Наполеон, ехавший до тех пор в экипаже, сел на лошадь в два часа утра. Он обозревал русскую реку, не маскируясь другим костюмом, как говорили, но прикрываясь ночной тьмой, чтобы перейти эту границу, которую пять месяцев спустя он мог перейти только благодаря той же темноте.
Когда Наполеон подъезжал к берегу, его лошадь вдруг упала и сбросила его на песок. Кто-то воскликнул: «Плохое предзнаменование, римлянин отступил бы!» Неизвестно, сам он или кто-то из свиты произнес эти слова.
Осмотрев всё, он приказал в сумерки на следующий день перекинуть через реку у деревни Понемун три моста; потом удалился в свою стоянку, где провел весь день, то в своей палатке, то в одном польском доме, неподвижно и бессильно простертый, ища напрасно отдыха среди удушливого зноя.
С наступлением ночи Наполеон приблизился к реке. Первыми переправились несколько саперов в челноке. Они пристали и высадились на русский берег без препятствий, к их удивлению. Там – мир; война – с их стороны; все спокойно в этой чуждой стране, которая была им представлена такой угрожающей.
Между тем к ним скоро явился простой казацкий офицер, командующий патрулем. Он один; кажется, что он уверен в мире и не подозревает, что перед ним – вся вооруженная Европа. Он спрашивает иностранцев, кто они. «Французы», – было ответом. «Что нужно вам и зачем пришли вы в Россию? – продолжал он. „Воевать с вами! Взять Вильну! Освободить Польшу!“» – резко ответил один из саперов. Казак ускакал; он исчез в лесу. Вдогонку ему выстрелили три разгоряченных солдата.
Итак, три слабых выстрела, оставшихся без ответа, оповестили нас о новой кампании и о начале большого нашествия. Этот первый сигнал войны сильно рассердил императора – из предосторожности или из предчувствия. Сейчас же триста стрелков переправились на другой берег для охраны постройки мостов.

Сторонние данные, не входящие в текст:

(* Let $\theta>1$, $t>0$, let $G:\mathbb R\to\mathbb R$ be bounded, and let $\{\mu_N\}$ be any sequence of probability measures on $\Omega_N$. Then $$\limsup_{N\to\infty}\mathbb E_{\mu_N}\Big[\Big|\int_0^tN^{1-\theta}\sum_{x\in\Lambda_N}G(\tfrac xN)r_N^-(\tfrac xN)(\eta_x(sN^2)-\alpha)\,ds\Big|\Big]=0,$$ $$\limsup_{N\to\infty}\mathbb E_{\mu_N}\Big[\Big|\int_0^tN^{1-\theta}\sum_{x\in\Lambda_N}G(\tfrac xN)r_N^+(\tfrac xN)(\eta_x(sN^2)-\beta)\,ds\Big|\Big]=0.$$
   Context: Fix $\gamma>2$, $p(0)=0$, $p(z)=c_\gamma|z|^{-\gamma-1}$ ($z\ne0$) with $c_\gamma$ normalizing; $\alpha,\beta\in(0,1)$, $\kappa>0$. $\Lambda_N=\{1,\dots,N-1\}$, $\Omega_N=\{0,1\}^{\Lambda_N}$; $\sigma^{x,y}\eta$ exchanges $\eta_x,\eta_y$; $\sigma^x\eta$ flips $\eta_x$; $c_x(\eta;a)=\eta_x(1-a)+(1-\eta_x)a$. $L_N=L_N^0+L_N^\ell+L_N^r$, $(L_N^0f)(\eta)=\frac12\sum_{x,y\in\Lambda_N}p(x-y)[f(\sigma^{x,y}\eta)-f(\eta)]$, $(L_N^\ell f)(\eta)=\frac{\kappa}{N^\theta}\sum_{x\in\Lambda_N,y\le0}p(x-y)c_x(\eta;\alpha)[f(\sigma^x\eta)-f(\eta)]$, $(L_N^rf)(\eta)=\frac{\kappa}{N^\theta}\sum_{x\in\Lambda_N,y\ge N}p(x-y)c_x(\eta;\beta)[f(\sigma^x\eta)-f(\eta)]$. $(\eta(t))_{t\ge0}$ is the Markov process on $\Omega_N$ with generator $L_N$ and initial law $\mu_N$; $\mathbb E_{\mu_N}$ is the corresponding expectation. $r_N^-(\frac xN)=\sum_{y\ge x}p(y)$, $r_N^+(\frac xN)=\sum_{y\le x-N}p(y)$. *)

From HB Require Import structures.
From mathcomp Require Import all_boot all_order all_algebra.
From mathcomp Require Import all_classical all_reals all_analysis.
Set Implicit Arguments. Unset Strict Implicit. Unset Printing Implicit Defensive.
Import Order.TTheory GRing.Theory Num.Theory.
Import numFieldNormedType.Exports.
Local Open Scope classical_set_scope.
Local Open Scope ring_scope.

Section Model.
Variable R : realType.

Definition rseries (u : nat -> R) : R := limn (fun n => \sum_(k < n) u k).

(* c_gamma : normalizing constant, so that sum_{z <> 0} p(z) = 1 *)
Definition cgamma (gamma : R) : R :=
  (rseries (fun k => 2 * ((k.+1)%:R `^ (- gamma - 1))))^-1.

Definition pker (gamma : R) (z : int) : R :=
  if z == 0 then 0 else cgamma gamma * ((`|z|%:R : R) `^ (- gamma - 1)).

(* Omega_N = {0,1}^{Lambda_N}, Lambda_N = {1,...,N-1}; site x = i+1 for i : 'I_(N.-1) *)
Definition config (N : nat) := {ffun 'I_(N.-1) -> bool}.
Definition site (N : nat) (i : 'I_(N.-1)) : int := (i.+1)%:Z.

Definition exch N (x y : 'I_(N.-1)) (eta : config N) : config N :=
  [ffun z => if z == x then eta y else if z == y then eta x else eta z].
Definition flip N (x : 'I_(N.-1)) (eta : config N) : config N :=
  [ffun z => if z == x then ~~ eta x else eta z].

Definition cx N (eta : config N) (x : 'I_(N.-1)) (a : R) : R :=
  (eta x)%:R * (1 - a) + (1 - (eta x)%:R) * a.

(* generator L_N = L_N^0 + L_N^l + L_N^r acting on functions f : Omega_N -> R *)
Definition gen (gamma alpha beta kappa theta : R) (N : nat)
  (f : config N -> R) (eta : config N) : R :=
  2^-1 * (\sum_(x : 'I_(N.-1)) \sum_(y : 'I_(N.-1))
            pker gamma (site x - site y) * (f (exch x y eta) - f eta))
  + kappa / (N%:R `^ theta) * \sum_(x : 'I_(N.-1))
      rseries (fun k => (* y = -k <= 0 *)
        pker gamma (site x - (- (k%:Z))) * cx eta x alpha * (f (flip x eta) - f eta))
  + kappa / (N%:R `^ theta) * \sum_(x : 'I_(N.-1))
      rseries (fun k => (* y = N + k >= N *)
        pker gamma (site x - (N%:Z + k%:Z)) * cx eta x beta * (f (flip x eta) - f eta)).

Definition semigroup gamma alpha beta kappa theta N (t : R)
  (f : config N -> R) (a : config N) : R :=
  rseries (fun k => t ^+ k / (k`!)%:R *
                    iter k (gen gamma alpha beta kappa theta (N:=N)) f a).

Definition trans gamma alpha beta kappa theta N (t : R) (a b : config N) : R :=
  semigroup gamma alpha beta kappa theta t (fun c => (c == b)%:R) a.

(* finite-dimensional distributions of the chain started from law mu, for a
   list of (time, state) pairs with nondecreasing nonnegative times *)
Fixpoint chain_prob gamma alpha beta kappa theta N (a : config N) (t : R)
  (s : seq (R * config N)) : R :=
  match s with
  | [::] => 1
  | (t', a') :: s' => trans gamma alpha beta kappa theta (t' - t) a a' *
                      chain_prob gamma alpha beta kappa theta a' t' s'
  end.

Definition fdd_prob gamma alpha beta kappa theta N (mu : config N -> R)
  (s : seq (R * config N)) : R :=
  match s with
  | [::] => 1
  | (t0, a0) :: s' =>
      (\sum_(b : config N) mu b * trans gamma alpha beta kappa theta t0 b a0) *
      chain_prob gamma alpha beta kappa theta a0 t0 s'
  end.

Definition is_prob_on N (mu : config N -> R) : Prop :=
  (forall a, 0 <= mu a) /\ \sum_(a : config N) mu a = 1.

(* eta : T -> R -> Omega_N is (a cadlag version of) the Markov process with
   generator L_N and initial law mu under P *)
Definition is_markov_process gamma alpha beta kappa theta N
  (mu : config N -> R) (d : measure_display) (T : measurableType d)
  (P : probability T R) (eta : T -> R -> config N) : Prop :=
  (forall t a, 0 <= t -> measurable [set w | eta w t = a])
  /\ (forall w t, 0 <= t -> exists2 delta : R, 0 < delta &
        forall s, t <= s < t + delta -> eta w s = eta w t)
  /\ (forall s : seq (R * config N),
        all (fun p => 0 <= p.1) s -> sorted (fun p q => p.1 <= q.1) s ->
        P [set w | all (fun p => eta w p.1 == p.2) s] =
        (fdd_prob gamma alpha beta kappa theta mu s)%:E).

(* r_N^-(x/N) = sum_{y >= x} p(y),  r_N^+(x/N) = sum_{y <= x - N} p(y) *)
Definition rminus gamma (x : int) : R := rseries (fun k => pker gamma (x + k%:Z)).
Definition rplus gamma (N : nat) (x : int) : R :=
  rseries (fun k => pker gamma (x - N%:Z - k%:Z)).

End Model.

From HB Require Import structures.
From mathcomp Require Import all_boot all_order all_algebra.
From mathcomp Require Import all_classical all_reals all_analysis.
From mathcomp Require Import ring lra zify.
Import Order.TTheory GRing.Theory Num.Theory.
Import numFieldNormedType.Exports.
Local Open Scope classical_set_scope.
Local Open Scope ring_scope.

(* The estimate holds path by path, so neither the dynamics nor the initial
   law enter the proof. Since eta_x is 0 or 1 and |G| <= M, the integrand is
   at most N^(1-theta) * M * sum_x r_N^(+/-)(x/N) in absolute value. For
   gamma > 2, p(z) <= c_gamma |z|^-3, and sum_{k>=0} (x+k)^-3 is at most
   3/(x(x+1)) by telescoping, so sum_x r_N^(+/-)(x/N) <= 3 c_gamma uniformly
   in N. The expectation is thus O(N^(1-theta) t), which vanishes because
   theta > 1. *)

Section TailSums.
Variable R : realType.

Definition inv_pronic (n : nat) : R := (n%:R * n.+1%:R)^-1.

Lemma inv_pronic_ge0 n : 0 <= inv_pronic n.
Proof. by rewrite invr_ge0 mulr_ge0. Qed.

Тогда все французские колонны вышли из долин и леса. Молча, под прикрытием темноты, они приближались к реке. Надо было натолкнуться на них, чтобы узнать об их присутствии. Всякие огни были запрещены. Отдыхали под ружьем, как будто в виду неприятеля. Зеленая рожь, покрытая сильной росой, послужила людям постелью и кормом лошадям.
Ночь, с ее свежестью, прерывавшей сон, темнота, удлиняющая часы и усиливающая лишения, наконец, завтрашние опасности – все это делало положение серьезным, поддерживало ожидание большого дня. Прочитано было воззвание Наполеона; шепотом повторялись самые замечательные места, и гений побед воспламенял наше воображение. Перед нами была русская граница. Наши жадные взоры уже старались сквозь мрак поглотить эту страну, обещанную нашей славе. Нам чудились радостные крики литовцев при приближении освободителей. Нам казалось, что река окружена их умоляющими руками. Здесь мы во всем нуждались – там у нас будет всё. Они будут угадывать наши нужды: мы будем окружены любовью и признательностью. Что значит плохая ночь? День скоро начнется, а с ним тепло и мечты! День наступил! Он осветил только горячий пустынный песок и угрюмые темные леса. Мы грустно посмотрели друг на друга и почувствовали, что охвачены гордостью и надеждой при внушительном виде нашей соединенной армии.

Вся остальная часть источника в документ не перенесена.